(Stored items)
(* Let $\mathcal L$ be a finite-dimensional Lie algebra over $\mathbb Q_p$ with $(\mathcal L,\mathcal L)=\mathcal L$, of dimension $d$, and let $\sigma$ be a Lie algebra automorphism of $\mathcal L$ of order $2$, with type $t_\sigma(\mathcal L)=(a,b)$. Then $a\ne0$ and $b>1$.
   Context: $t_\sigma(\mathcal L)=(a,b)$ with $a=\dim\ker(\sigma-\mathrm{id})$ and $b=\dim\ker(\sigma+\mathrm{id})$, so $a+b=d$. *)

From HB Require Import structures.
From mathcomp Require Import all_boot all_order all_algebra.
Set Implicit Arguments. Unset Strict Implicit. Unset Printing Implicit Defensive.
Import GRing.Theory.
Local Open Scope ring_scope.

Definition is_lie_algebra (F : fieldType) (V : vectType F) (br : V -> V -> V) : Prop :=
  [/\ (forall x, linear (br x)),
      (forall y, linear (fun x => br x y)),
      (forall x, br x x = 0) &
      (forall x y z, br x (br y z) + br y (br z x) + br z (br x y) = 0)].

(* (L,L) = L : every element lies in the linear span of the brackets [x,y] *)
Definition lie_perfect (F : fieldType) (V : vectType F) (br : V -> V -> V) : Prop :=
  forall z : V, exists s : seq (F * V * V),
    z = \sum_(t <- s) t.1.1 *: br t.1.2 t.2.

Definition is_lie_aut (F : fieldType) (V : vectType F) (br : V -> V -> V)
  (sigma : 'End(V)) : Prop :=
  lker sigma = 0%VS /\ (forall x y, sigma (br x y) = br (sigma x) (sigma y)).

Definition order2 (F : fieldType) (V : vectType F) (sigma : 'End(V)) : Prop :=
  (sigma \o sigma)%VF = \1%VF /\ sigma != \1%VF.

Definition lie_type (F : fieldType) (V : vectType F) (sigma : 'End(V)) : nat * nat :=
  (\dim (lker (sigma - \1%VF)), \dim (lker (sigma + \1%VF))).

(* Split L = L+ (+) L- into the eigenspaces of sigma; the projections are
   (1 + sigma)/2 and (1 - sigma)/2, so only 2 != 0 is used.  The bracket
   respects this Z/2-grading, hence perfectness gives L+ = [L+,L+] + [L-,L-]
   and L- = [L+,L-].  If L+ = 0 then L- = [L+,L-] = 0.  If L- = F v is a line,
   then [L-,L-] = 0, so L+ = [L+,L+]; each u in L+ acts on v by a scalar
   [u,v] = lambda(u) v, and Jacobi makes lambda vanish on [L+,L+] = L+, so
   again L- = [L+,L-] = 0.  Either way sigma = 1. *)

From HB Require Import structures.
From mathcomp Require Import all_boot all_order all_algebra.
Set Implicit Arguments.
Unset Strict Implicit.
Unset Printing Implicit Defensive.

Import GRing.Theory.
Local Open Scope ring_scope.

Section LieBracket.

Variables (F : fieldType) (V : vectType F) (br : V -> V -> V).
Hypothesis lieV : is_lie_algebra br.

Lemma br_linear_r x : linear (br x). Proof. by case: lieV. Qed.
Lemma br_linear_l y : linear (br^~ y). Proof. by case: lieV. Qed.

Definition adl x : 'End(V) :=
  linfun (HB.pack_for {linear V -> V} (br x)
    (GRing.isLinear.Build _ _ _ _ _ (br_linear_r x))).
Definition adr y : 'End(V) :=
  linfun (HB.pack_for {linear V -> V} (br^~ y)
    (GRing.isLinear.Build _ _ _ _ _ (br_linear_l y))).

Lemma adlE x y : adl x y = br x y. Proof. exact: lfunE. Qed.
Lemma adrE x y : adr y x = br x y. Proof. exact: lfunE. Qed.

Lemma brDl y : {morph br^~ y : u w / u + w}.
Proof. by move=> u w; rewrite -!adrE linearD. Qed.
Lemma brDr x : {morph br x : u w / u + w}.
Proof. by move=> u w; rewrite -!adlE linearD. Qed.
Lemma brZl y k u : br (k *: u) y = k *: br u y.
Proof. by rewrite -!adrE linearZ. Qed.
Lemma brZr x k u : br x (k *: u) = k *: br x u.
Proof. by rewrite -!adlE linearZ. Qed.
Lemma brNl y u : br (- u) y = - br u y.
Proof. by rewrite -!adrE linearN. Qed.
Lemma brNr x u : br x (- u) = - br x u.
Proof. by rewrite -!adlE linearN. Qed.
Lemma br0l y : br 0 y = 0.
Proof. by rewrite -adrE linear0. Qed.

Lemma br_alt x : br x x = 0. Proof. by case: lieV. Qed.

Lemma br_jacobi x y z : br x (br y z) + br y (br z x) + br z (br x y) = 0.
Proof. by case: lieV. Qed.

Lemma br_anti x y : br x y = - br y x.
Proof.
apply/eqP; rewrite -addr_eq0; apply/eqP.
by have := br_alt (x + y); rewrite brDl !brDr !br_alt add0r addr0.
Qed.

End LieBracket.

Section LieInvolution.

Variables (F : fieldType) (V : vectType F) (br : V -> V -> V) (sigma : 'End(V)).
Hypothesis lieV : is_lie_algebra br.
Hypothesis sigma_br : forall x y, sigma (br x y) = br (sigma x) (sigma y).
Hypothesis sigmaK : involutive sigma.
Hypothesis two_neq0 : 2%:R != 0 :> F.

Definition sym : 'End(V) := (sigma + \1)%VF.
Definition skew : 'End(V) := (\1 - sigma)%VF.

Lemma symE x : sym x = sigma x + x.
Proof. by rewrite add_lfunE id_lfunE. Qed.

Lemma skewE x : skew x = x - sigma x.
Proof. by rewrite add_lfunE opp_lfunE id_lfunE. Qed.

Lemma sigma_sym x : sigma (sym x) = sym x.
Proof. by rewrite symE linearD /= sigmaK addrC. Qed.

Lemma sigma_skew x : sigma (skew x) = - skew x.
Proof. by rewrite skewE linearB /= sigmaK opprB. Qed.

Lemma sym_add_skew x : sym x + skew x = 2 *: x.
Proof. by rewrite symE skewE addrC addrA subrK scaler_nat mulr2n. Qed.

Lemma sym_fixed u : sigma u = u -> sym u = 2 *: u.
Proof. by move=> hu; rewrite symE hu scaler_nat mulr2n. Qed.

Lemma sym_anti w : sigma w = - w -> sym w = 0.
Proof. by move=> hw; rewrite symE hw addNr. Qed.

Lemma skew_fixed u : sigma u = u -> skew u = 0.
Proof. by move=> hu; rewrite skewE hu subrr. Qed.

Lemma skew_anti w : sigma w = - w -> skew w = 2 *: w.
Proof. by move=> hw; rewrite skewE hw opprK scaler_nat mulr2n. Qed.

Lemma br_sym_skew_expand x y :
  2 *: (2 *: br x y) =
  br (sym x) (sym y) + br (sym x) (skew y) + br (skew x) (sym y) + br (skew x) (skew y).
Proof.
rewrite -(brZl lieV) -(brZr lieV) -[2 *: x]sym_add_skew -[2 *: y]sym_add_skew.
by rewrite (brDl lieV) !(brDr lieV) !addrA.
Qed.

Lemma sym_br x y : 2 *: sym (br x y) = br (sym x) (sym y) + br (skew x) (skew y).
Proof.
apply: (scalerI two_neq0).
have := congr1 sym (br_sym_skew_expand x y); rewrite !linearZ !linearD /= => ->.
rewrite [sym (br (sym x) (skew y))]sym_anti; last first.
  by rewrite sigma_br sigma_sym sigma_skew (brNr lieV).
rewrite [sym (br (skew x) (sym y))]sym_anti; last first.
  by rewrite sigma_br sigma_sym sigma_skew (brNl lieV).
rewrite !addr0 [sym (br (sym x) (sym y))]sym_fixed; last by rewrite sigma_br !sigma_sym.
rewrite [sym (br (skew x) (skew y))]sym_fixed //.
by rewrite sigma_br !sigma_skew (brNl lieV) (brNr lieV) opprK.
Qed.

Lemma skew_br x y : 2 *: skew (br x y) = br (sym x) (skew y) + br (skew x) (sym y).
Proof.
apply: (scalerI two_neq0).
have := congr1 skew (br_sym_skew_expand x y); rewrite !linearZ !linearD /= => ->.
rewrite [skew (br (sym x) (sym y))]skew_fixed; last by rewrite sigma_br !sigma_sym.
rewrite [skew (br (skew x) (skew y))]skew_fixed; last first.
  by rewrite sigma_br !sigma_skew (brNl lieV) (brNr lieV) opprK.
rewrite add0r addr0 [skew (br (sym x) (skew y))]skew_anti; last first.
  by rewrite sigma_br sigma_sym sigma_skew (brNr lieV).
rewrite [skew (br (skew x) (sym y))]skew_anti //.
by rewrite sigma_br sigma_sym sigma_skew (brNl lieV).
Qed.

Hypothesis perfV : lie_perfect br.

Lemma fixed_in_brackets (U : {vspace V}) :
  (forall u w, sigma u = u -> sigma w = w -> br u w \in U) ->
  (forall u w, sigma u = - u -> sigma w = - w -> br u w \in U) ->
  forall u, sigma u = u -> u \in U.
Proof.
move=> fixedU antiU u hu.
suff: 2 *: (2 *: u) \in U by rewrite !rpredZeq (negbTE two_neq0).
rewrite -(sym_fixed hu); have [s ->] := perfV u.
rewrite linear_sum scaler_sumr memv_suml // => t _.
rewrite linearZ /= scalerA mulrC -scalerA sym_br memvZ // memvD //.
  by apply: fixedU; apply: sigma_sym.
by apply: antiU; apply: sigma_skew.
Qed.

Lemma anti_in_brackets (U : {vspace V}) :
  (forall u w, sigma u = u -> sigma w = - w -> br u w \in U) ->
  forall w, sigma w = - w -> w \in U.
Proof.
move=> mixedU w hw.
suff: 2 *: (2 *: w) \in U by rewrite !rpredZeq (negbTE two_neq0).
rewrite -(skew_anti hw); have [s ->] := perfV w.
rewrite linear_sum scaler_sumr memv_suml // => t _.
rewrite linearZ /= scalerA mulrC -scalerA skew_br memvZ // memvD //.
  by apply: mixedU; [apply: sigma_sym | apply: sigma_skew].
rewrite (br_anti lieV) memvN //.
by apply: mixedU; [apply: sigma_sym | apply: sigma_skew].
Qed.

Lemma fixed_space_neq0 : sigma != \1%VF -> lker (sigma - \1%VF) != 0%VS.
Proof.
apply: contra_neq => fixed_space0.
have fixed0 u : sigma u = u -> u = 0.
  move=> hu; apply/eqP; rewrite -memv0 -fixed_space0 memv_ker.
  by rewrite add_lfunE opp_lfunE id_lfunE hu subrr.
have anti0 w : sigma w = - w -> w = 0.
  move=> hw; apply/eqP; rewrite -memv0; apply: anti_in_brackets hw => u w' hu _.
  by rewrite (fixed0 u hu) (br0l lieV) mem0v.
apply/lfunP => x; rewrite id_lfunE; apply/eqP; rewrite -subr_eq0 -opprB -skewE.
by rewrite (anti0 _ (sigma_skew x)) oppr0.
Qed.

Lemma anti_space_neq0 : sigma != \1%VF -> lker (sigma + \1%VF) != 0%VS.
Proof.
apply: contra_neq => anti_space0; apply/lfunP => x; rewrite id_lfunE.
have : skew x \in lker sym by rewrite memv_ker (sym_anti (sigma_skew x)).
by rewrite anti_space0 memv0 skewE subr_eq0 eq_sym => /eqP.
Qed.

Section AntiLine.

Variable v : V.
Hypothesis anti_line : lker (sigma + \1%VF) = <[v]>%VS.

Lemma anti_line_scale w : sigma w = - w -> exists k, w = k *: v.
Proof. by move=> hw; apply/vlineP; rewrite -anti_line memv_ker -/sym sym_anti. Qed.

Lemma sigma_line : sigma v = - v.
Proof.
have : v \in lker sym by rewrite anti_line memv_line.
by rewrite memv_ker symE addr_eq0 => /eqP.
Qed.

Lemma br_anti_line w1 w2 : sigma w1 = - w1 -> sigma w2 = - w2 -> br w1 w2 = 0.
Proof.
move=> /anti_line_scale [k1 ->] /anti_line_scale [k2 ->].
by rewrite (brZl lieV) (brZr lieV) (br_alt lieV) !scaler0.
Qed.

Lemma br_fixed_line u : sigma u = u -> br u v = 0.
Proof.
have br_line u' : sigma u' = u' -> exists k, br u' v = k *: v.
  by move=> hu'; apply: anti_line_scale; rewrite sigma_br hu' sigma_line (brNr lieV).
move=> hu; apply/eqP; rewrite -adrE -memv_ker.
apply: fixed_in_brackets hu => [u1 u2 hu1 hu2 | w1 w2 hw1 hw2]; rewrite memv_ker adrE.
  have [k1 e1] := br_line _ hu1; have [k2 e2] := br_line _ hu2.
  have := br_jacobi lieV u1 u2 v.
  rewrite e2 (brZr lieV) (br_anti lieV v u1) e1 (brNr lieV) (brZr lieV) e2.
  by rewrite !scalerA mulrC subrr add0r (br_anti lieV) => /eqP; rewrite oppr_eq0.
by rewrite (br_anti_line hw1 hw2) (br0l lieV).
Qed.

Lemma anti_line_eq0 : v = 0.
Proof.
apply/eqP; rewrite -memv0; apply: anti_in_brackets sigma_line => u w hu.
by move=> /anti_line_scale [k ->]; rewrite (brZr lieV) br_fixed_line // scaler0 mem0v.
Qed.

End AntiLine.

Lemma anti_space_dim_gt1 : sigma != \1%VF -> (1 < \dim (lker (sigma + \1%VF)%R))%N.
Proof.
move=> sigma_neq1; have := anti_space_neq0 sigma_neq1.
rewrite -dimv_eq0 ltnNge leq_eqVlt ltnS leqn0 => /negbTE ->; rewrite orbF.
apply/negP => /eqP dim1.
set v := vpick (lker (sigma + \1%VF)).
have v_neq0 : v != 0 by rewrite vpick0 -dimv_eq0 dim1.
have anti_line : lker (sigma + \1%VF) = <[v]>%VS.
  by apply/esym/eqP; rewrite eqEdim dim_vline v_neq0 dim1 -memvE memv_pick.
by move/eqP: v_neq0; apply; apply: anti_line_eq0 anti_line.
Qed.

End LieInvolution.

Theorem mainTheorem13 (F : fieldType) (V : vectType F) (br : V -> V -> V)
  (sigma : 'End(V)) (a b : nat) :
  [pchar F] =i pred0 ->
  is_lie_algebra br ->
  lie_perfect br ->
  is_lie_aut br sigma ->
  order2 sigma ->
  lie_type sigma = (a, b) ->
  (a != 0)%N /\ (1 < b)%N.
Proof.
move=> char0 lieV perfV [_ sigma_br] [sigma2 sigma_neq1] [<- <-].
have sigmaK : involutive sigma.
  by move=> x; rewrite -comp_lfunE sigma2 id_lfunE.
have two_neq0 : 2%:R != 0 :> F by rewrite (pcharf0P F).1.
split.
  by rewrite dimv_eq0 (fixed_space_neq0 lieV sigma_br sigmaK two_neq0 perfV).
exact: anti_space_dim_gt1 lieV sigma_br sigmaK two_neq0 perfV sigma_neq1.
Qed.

Task prompt: Please transcribe the records exactly from their first line through the line holding "(forall x y z, br", and leave out all others.

Response area:
(* Let $\mathcal L$ be a finite-dimensional Lie algebra over $\mathbb Q_p$ with $(\mathcal L,\mathcal L)=\mathcal L$, of dimension $d$, and let $\sigma$ be a Lie algebra automorphism of $\mathcal L$ of order $2$, with type $t_\sigma(\mathcal L)=(a,b)$. Then $a\ne0$ and $b>1$.
   Context: $t_\sigma(\mathcal L)=(a,b)$ with $a=\dim\ker(\sigma-\mathrm{id})$ and $b=\dim\ker(\sigma+\mathrm{id})$, so $a+b=d$. *)

From HB Require Import structures.
From mathcomp Require Import all_boot all_order all_algebra.
Set Implicit Arguments. Unset Strict Implicit. Unset Printing Implicit Defensive.
Import GRing.Theory.
Local Open Scope ring_scope.

Definition is_lie_algebra (F : fieldType) (V : vectType F) (br : V -> V -> V) : Prop :=
  [/\ (forall x, linear (br x)),
      (forall y, linear (fun x => br x y)),
      (forall x, br x x = 0) &
      (forall x y z, br x (br y z) + br y (br z x) + br z (br x y) = 0)].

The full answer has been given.